Work to complete
Write out the stretch of lines below that begins at the line with "Proof. by apply: (addrI (ip" and ends at the line with "Lemma ip_inj x", including both, exactly as given and nothing more.

^^^^

(* Let $T$ be a contraction on a Hilbert space such that $1-TT^*$ has finite rank. Then the limit $\lim_{n\to\infty} \frac{1}{n}\operatorname{tr}(1 - T^n {T^*}^n)$ exists and $$\lim_{n\to\infty} \frac{\operatorname{tr}(1 - T^n {T^*}^n)}{n} = \lim_{n\to\infty} \operatorname{tr}\big({T^*}^n T^n (1-TT^* )\big),$$ the limit on the right also existing (the sequence $\operatorname{tr}({T^*}^n T^n(1-TT^* ))$ being non-increasing and non-negative). *)

From HB Require Import structures.
From mathcomp Require Import all_boot all_order all_algebra.
From mathcomp Require Import all_classical all_reals.
From mathcomp Require Import topology normedtype sequences.
From mathcomp Require Import complex.
Set Implicit Arguments.
Unset Strict Implicit.
Unset Printing Implicit Defensive.
Import Order.TTheory GRing.Theory Num.Theory.
Local Open Scope ring_scope.

Section Hilbert.
Variable R : realType.
Local Notation C := R[i].
Variable V : lmodType C.
Variable ip : V -> V -> C.

Definition inner_product_axioms : Prop :=
  [/\ (forall a x y z, ip (a *: x + y) z = a * ip x z + ip y z),
      (forall x y, ip y x = Num.conj (ip x y)),
      (forall x, 0 <= ip x x) &
      (forall x, ip x x = 0 -> x = 0)].

Definition hnorm (x : V) : R := Num.sqrt (complex.Re (ip x x)).

Definition hcomplete : Prop :=
  forall u : nat -> V,
    (forall e : R, 0 < e -> exists N, forall m n, (N <= m)%N -> (N <= n)%N ->
        hnorm (u m - u n) < e) ->
    exists l : V, forall e : R, 0 < e -> exists N, forall n, (N <= n)%N ->
        hnorm (u n - l) < e.

Definition hilbert_space : Prop := inner_product_axioms /\ hcomplete.

Definition his_adjoint (T Ts : V -> V) : Prop :=
  forall x y, ip (T x) y = ip x (Ts y).

Definition hcontraction (T : V -> V) : Prop := forall x, hnorm (T x) <= hnorm x.

Definition hin_span (e : seq V) (x : V) : Prop :=
  exists c : seq C, size c = size e /\
    x = \sum_(i < size e) c`_i *: e`_i.

Definition horthonormal (e : seq V) : Prop :=
  forall i j, (i < size e)%N -> (j < size e)%N ->
    ip e`_i e`_j = (i == j)%:R.

Definition hfinite_rank (F : V -> V) : Prop :=
  exists e : seq V, forall x, hin_span e (F x).

Definition ftrace_is (F : V -> V) (t : C) : Prop :=
  exists e : seq V, [/\ horthonormal e, (forall x, hin_span e (F x)) &
     t = \sum_(i < size e) ip (F e`_i) e`_i].

(* the ftrace of a finite-rank operator (well defined: independent of the
   horthonormal family chosen); 0 by convention otherwise *)
Definition ftrace (F : V -> V) : C := xget 0 (ftrace_is F).

End Hilbert.

From HB Require Import structures.
From mathcomp Require Import all_boot all_order all_algebra.
From mathcomp Require Import all_classical all_reals.
From mathcomp Require Import topology normedtype sequences.
From mathcomp Require Import complex.
From mathcomp.algebra_tactics Require Import ring.
Set Implicit Arguments.
Unset Strict Implicit.
Unset Printing Implicit Defensive.
Import Order.TTheory GRing.Theory Num.Theory.
Import numFieldNormedType.Exports.
Local Open Scope ring_scope.
Local Open Scope complex_scope.
Local Open Scope classical_set_scope.

(* The defect D = 1 - T T^* of a contraction is a positive operator, and a
   positive operator of finite rank is a finite sum of rank-one operators
   x |-> <x, u> u (Gram-Schmidt for the semi-inner product <D x, y>).  Hence
   tr (T^*^n T^n D) = sum_u ||T^n u||^2, which is non-negative and, T being a
   contraction, non-increasing, so it converges.  Since
   1 - T^n T^*^n = sum_(k < n) T^k D T^*^k, the trace of 1 - T^n T^*^n is the
   n-th partial sum of that sequence, and its average converges to the same
   limit by Cesaro.  Traces are evaluated through the formula
   tr (x |-> sum_i <x, a_i> b_i) = sum_i <b_i, a_i>, which also shows that
   [ftrace] does not depend on the orthonormal family. *)

Lemma complex_ge0_Re (R : realType) (z : R[i]) : 0 <= z -> z = (complex.Re z)%:C.
Proof. by move=> z_ge0; rewrite {1}[z]complexE (ger0_Im z_ge0) mulr0 addr0. Qed.

Lemma Re_ge0 (R : realType) (z : R[i]) : 0 <= z -> 0 <= complex.Re z.
Proof. by move=> z_ge0; rewrite -ler0c -complex_ge0_Re. Qed.

Lemma conj_realC (R : realType) (x : R) : Num.conj x%:C = x%:C.
Proof. exact: conjc_real. Qed.

Lemma exists_inv_sqrt (R : realType) (c : R[i]) : 0 < c ->
  exists k : R, k%:C * k%:C = c^-1.
Proof.
move=> c_gt0; have Re_gt0 : 0 < complex.Re c by move: c_gt0; rewrite ltcE => /andP[].
exists (Num.sqrt (complex.Re c))^-1.
rewrite -rmorphM /= -invfM -expr2 sqr_sqrtr ?ltW // fmorphV /=.
by rewrite -complex_ge0_Re ?ltW.
Qed.

Section InnerProductSpace.
Variables (R : realType) (V : lmodType R[i]) (ip : V -> V -> R[i]).
Hypothesis ipA : inner_product_axioms ip.

(** * Inner-product algebra *)

Lemma ipDZl a x y z : ip (a *: x + y) z = a * ip x z + ip y z.
Proof. by case: ipA. Qed.

Lemma ipC x y : ip y x = Num.conj (ip x y).
Proof. by case: ipA. Qed.

Lemma ip_ge0 x : 0 <= ip x x.
Proof. by case: ipA => _ _ ->. Qed.

Lemma ip_eq0 x : ip x x = 0 -> x = 0.
Proof. by case: ipA => _ _ _; apply. Qed.

Lemma ipDl x y z : ip (x + y) z = ip x z + ip y z.
Proof. by rewrite -{1}(scale1r x) ipDZl mul1r. Qed.

Lemma ip0l z : ip 0 z = 0.
Proof. by apply: (addrI (ip 0 z)); rewrite -ipDl !addr0. Qed.

Lemma ipZl a x z : ip (a *: x) z = a * ip x z.
Proof. by rewrite -(addr0 (a *: x)) ipDZl ip0l addr0. Qed.

Lemma ipNl x z : ip (- x) z = - ip x z.
Proof. by rewrite -scaleN1r ipZl mulN1r. Qed.

Lemma ipBl x y z : ip (x - y) z = ip x z - ip y z.
Proof. by rewrite ipDl ipNl. Qed.

Lemma ip_suml (I : Type) (r : seq I) (P : pred I) (F : I -> V) z :
  ip (\sum_(i <- r | P i) F i) z = \sum_(i <- r | P i) ip (F i) z.
Proof. exact: (big_morph (ip^~ z) (fun x y => ipDl x y z) (ip0l z)). Qed.

Lemma ipDr x y z : ip z (x + y) = ip z x + ip z y.
Proof. by rewrite ipC ipDl rmorphD [ip z x]ipC [ip z y]ipC. Qed.

Lemma ipZr a x z : ip z (a *: x) = Num.conj a * ip z x.
Proof. by rewrite ipC ipZl rmorphM [ip z x]ipC. Qed.

Lemma ip0r z : ip z 0 = 0.
Proof. by rewrite ipC ip0l rmorph0. Qed.

Lemma ipNr x z : ip z (- x) = - ip z x.
Proof. by rewrite ipC ipNl rmorphN [ip z x]ipC. Qed.

Lemma ipBr x y z : ip z (x - y) = ip z x - ip z y.
Proof. by rewrite ipDr ipNr. Qed.

Lemma ip_sumr (I : Type) (r : seq I) (P : pred I) (F : I -> V) z :
  ip z (\sum_(i <- r | P i) F i) = \sum_(i <- r | P i) ip z (F i).
Proof. exact: (big_morph (ip z) (fun x y => ipDr x y z) (ip0r z)). Qed.

Lemma ip_conj_self x : Num.conj (ip x x) = ip x x.
Proof. by rewrite -ipC. Qed.

Lemma ip_inj x y : (forall z, ip x z = ip y z) -> x = y.
Proof.
by move=> eq_xy; apply/eqP; rewrite -subr_eq0; apply/eqP/ip_eq0; rewrite ipBl eq_xy subrr.
Qed.

Section LinearMap.
Variable f : V -> V.
Hypothesis f_lin : linear f.

Lemma linear_mapD x y : f (x + y) = f x + f y.
Proof. by rewrite -(scale1r x) f_lin !scale1r. Qed.

Lemma linear_map0 : f 0 = 0.
Proof. by apply: (addrI (f 0)); rewrite -linear_mapD !addr0. Qed.

Lemma linear_mapZ a x : f (a *: x) = a *: f x.
Proof. by rewrite -(addr0 (a *: x)) f_lin linear_map0 addr0. Qed.

Lemma linear_mapB x y : f (x - y) = f x - f y.
Proof. by rewrite linear_mapD -scaleN1r linear_mapZ scaleN1r. Qed.

Lemma linear_map_sum (I : Type) (r : seq I) (P : pred I) (F : I -> V) :
  f (\sum_(i <- r | P i) F i) = \sum_(i <- r | P i) f (F i).
Proof. exact: (big_morph f linear_mapD linear_map0). Qed.

End LinearMap.

Lemma linear_iter (f : V -> V) n : linear f -> linear (iter n f).
Proof. by move=> f_lin; elim: n => [//|n IHn] a x y; rewrite /= IHn f_lin. Qed.

(** * Orthonormal families and Gram-Schmidt *)

Definition proj (e : seq V) x := \sum_(i < size e) ip x e`_i *: e`_i.

(* For an orthonormal [e] this is membership in the span, see [hin_spanP]. *)
Definition spanned (e : seq V) x := proj e x = x.

Lemma proj_lin e : linear (proj e).
Proof.
move=> a x y; rewrite /proj scaler_sumr -big_split /=.
by apply: eq_bigr => i _; rewrite ipDZl scalerDl scalerA.
Qed.

Lemma proj_adj e x y : ip (proj e x) y = ip x (proj e y).
Proof.
rewrite ip_suml ip_sumr; apply: eq_bigr => i _.
by rewrite ipZl ipZr -ipC mulrC.
Qed.

Lemma ip_orthonormal_comb e (c : nat -> R[i]) (j : 'I_(size e)) :
  horthonormal ip e -> ip (\sum_(i < size e) c i *: e`_i) e`_j = c j.
Proof.
move=> e_on; rewrite ip_suml (bigD1 j) //= ipZl e_on // eqxx mulr1 big1 ?addr0 //.
by move=> i; rewrite -val_eqE => /negPf ne_ij; rewrite ipZl e_on // ne_ij mulr0.
Qed.

Lemma proj_cons g f y : proj (g :: f) y = ip y g *: g + proj f y.
Proof. by rewrite /proj big_ord_recl. Qed.

Lemma spanned_behead g f y : spanned (g :: f) y -> ip y g = 0 -> spanned f y.
Proof.
by move=> y_spanned yg0; move: y_spanned; rewrite /spanned proj_cons yg0 scale0r add0r.
Qed.

Lemma proj_orthonormal e x (j : 'I_(size e)) : horthonormal ip e ->
  ip (proj e x) e`_j = ip x e`_j.
Proof. exact: (ip_orthonormal_comb (fun i => ip x e`_i)). Qed.

Lemma hin_spanP e x : horthonormal ip e -> hin_span e x <-> spanned e x.
Proof.
move=> e_on; split => [[c [_ ->]]|x_spanned].
  by apply: eq_bigr => j _; rewrite ip_orthonormal_comb.
exists (mkseq (fun i => ip x e`_i) (size e)); rewrite size_mkseq; split => //.
by rewrite -{1}x_spanned; apply: eq_bigr => i _; rewrite nth_mkseq.
Qed.

Lemma spannedD e x y : spanned e x -> spanned e y -> spanned e (x + y).
Proof. by rewrite /spanned (linear_mapD (proj_lin e)) => -> ->. Qed.

Lemma spannedZ e a x : spanned e x -> spanned e (a *: x).
Proof. by rewrite /spanned (linear_mapZ (proj_lin e)) => ->. Qed.

Lemma spanned_sum e (I : Type) (r : seq I) (P : pred I) (F : I -> V) :
  (forall i, P i -> spanned e (F i)) -> spanned e (\sum_(i <- r | P i) F i).
Proof.
move=> F_spanned; rewrite /spanned (linear_map_sum (proj_lin e)).
by apply: eq_bigr => i /F_spanned.
Qed.

Lemma spanned_hin_span e s x : {in s, forall v, spanned e v} ->
  hin_span s x -> spanned e x.
Proof.
move=> s_spanned [c [_ ->]]; apply: spanned_sum => i _.
by apply/spannedZ/s_spanned/mem_nth.
Qed.

Lemma proj_rcons e u x : proj (rcons e u) x = proj e x + ip x u *: u.
Proof.
rewrite /proj size_rcons big_ord_recr /= nth_rcons ltnn eqxx; congr (_ + _).
by apply: eq_bigr => i _; rewrite nth_rcons ltn_ord.
Qed.

Lemma horthonormal_rcons e u : horthonormal ip e -> ip u u = 1 ->
  (forall j, (j < size e)%N -> ip u e`_j = 0) -> horthonormal ip (rcons e u).
Proof.
move=> e_on u_unit u_orth i j; rewrite size_rcons !ltnS !nth_rcons.
rewrite leq_eqVlt => /predU1P[-> | lt_ie]; rewrite leq_eqVlt => /predU1P[-> | lt_je].
- by rewrite !ltnn !eqxx.
- by rewrite ltnn eqxx lt_je u_orth // gtn_eqF.
- by rewrite ltnn eqxx lt_ie ipC u_orth // ltn_eqF // conjC0.
- by rewrite lt_ie lt_je e_on.
Qed.

Lemma spanned_rcons e u x : horthonormal ip (rcons e u) -> spanned e x ->
  spanned (rcons e u) x.
Proof.
move=> eu_on x_spanned.
suff xu0 : ip x u = 0 by rewrite /spanned proj_rcons x_spanned xu0 scale0r addr0.
rewrite -{1}x_spanned ip_suml big1 // => i _.
have := eu_on i (size e); rewrite size_rcons !ltnS leqnn (ltnW (ltn_ord i)).
by rewrite !nth_rcons ltn_ord ltnn eqxx ltn_eqF // ipZl => /(_ isT isT) ->; rewrite mulr0.
Qed.

Lemma gram_schmidt_step e v : horthonormal ip e -> exists e',
  [/\ horthonormal ip e', spanned e' v & forall x, spanned e x -> spanned e' x].
Proof.
move=> e_on; set w := v - proj e v.
have w_orth j : (j < size e)%N -> ip w e`_j = 0.
  by move=> lt_je; rewrite ipBl (proj_orthonormal _ (Ordinal lt_je)) // subrr.
have [w0|w_neq0] := eqVneq w 0.
  by exists e; split => //; apply/esym/eqP; rewrite -subr_eq0 -/w w0.
have ww_gt0 : 0 < ip w w.
  by rewrite lt_def ip_ge0 andbT; exact: contra_neq (@ip_eq0 w) w_neq0.
have [k kk] := exists_inv_sqrt ww_gt0.
set u := k%:C *: w.
have u_unit : ip u u = 1 by rewrite /u ipZl ipZr conj_realC mulrA kk mulVf ?gt_eqF.
have eu_on : horthonormal ip (rcons e u).
  by apply: horthonormal_rcons => // j /w_orth wej; rewrite /u ipZl wej mulr0.
exists (rcons e u); split => //; last by move=> x; exact: spanned_rcons.
have proj_w : proj e w = 0 by apply: big1 => i _; rewrite w_orth // scale0r.
have vw : ip v w = ip w w.
  by rewrite -{1}(subrK (proj e v) v) -/w ipDl proj_adj proj_w ip0r addr0.
rewrite /spanned proj_rcons /u ipZr conj_realC vw scalerA mulrAC kk.
by rewrite mulVf ?gt_eqF // scale1r /w addrC subrK.
Qed.

Lemma exists_orthonormal_span (s : seq V) :
  exists e, horthonormal ip e /\ {in s, forall v, spanned e v}.
Proof.
elim: s => [|v s [e [e_on s_spanned]]]; first by exists [::]; split => // i.
have [e' [e'_on v_spanned e_sub]] := gram_schmidt_step v e_on.
by exists e'; split => // x; rewrite inE => /predU1P[-> | /s_spanned /e_sub].
Qed.

(** * Traces of finite-rank operators *)

Definition rank_sum (I : Type) (r : seq I) (a b : I -> V) x :=
  \sum_(i <- r) ip x (a i) *: b i.

Lemma rank_sum_adj I r a b x y :
  ip (@rank_sum I r a b x) y = ip x (rank_sum r b a y).
Proof.
rewrite ip_suml ip_sumr; apply: eq_bigr => i _.
by rewrite ipZl ipZr -ipC mulrC.
Qed.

^^^^

Exercise result
Proof. by apply: (addrI (ip 0 z)); rewrite -ipDl !addr0. Qed.

Lemma ipZl a x z : ip (a *: x) z = a * ip x z.
Proof. by rewrite -(addr0 (a *: x)) ipDZl ip0l addr0. Qed.

Lemma ipNl x z : ip (- x) z = - ip x z.
Proof. by rewrite -scaleN1r ipZl mulN1r. Qed.

Lemma ipBl x y z : ip (x - y) z = ip x z - ip y z.
Proof. by rewrite ipDl ipNl. Qed.

Lemma ip_suml (I : Type) (r : seq I) (P : pred I) (F : I -> V) z :
  ip (\sum_(i <- r | P i) F i) z = \sum_(i <- r | P i) ip (F i) z.
Proof. exact: (big_morph (ip^~ z) (fun x y => ipDl x y z) (ip0l z)). Qed.

Lemma ipDr x y z : ip z (x + y) = ip z x + ip z y.
Proof. by rewrite ipC ipDl rmorphD [ip z x]ipC [ip z y]ipC. Qed.

Lemma ipZr a x z : ip z (a *: x) = Num.conj a * ip z x.
Proof. by rewrite ipC ipZl rmorphM [ip z x]ipC. Qed.

Lemma ip0r z : ip z 0 = 0.
Proof. by rewrite ipC ip0l rmorph0. Qed.

Lemma ipNr x z : ip z (- x) = - ip z x.
Proof. by rewrite ipC ipNl rmorphN [ip z x]ipC. Qed.

Lemma ipBr x y z : ip z (x - y) = ip z x - ip z y.
Proof. by rewrite ipDr ipNr. Qed.

Lemma ip_sumr (I : Type) (r : seq I) (P : pred I) (F : I -> V) z :
  ip z (\sum_(i <- r | P i) F i) = \sum_(i <- r | P i) ip z (F i).
Proof. exact: (big_morph (ip z) (fun x y => ipDr x y z) (ip0r z)). Qed.

Lemma ip_conj_self x : Num.conj (ip x x) = ip x x.
Proof. by rewrite -ipC. Qed.

Lemma ip_inj x y : (forall z, ip x z = ip y z) -> x = y.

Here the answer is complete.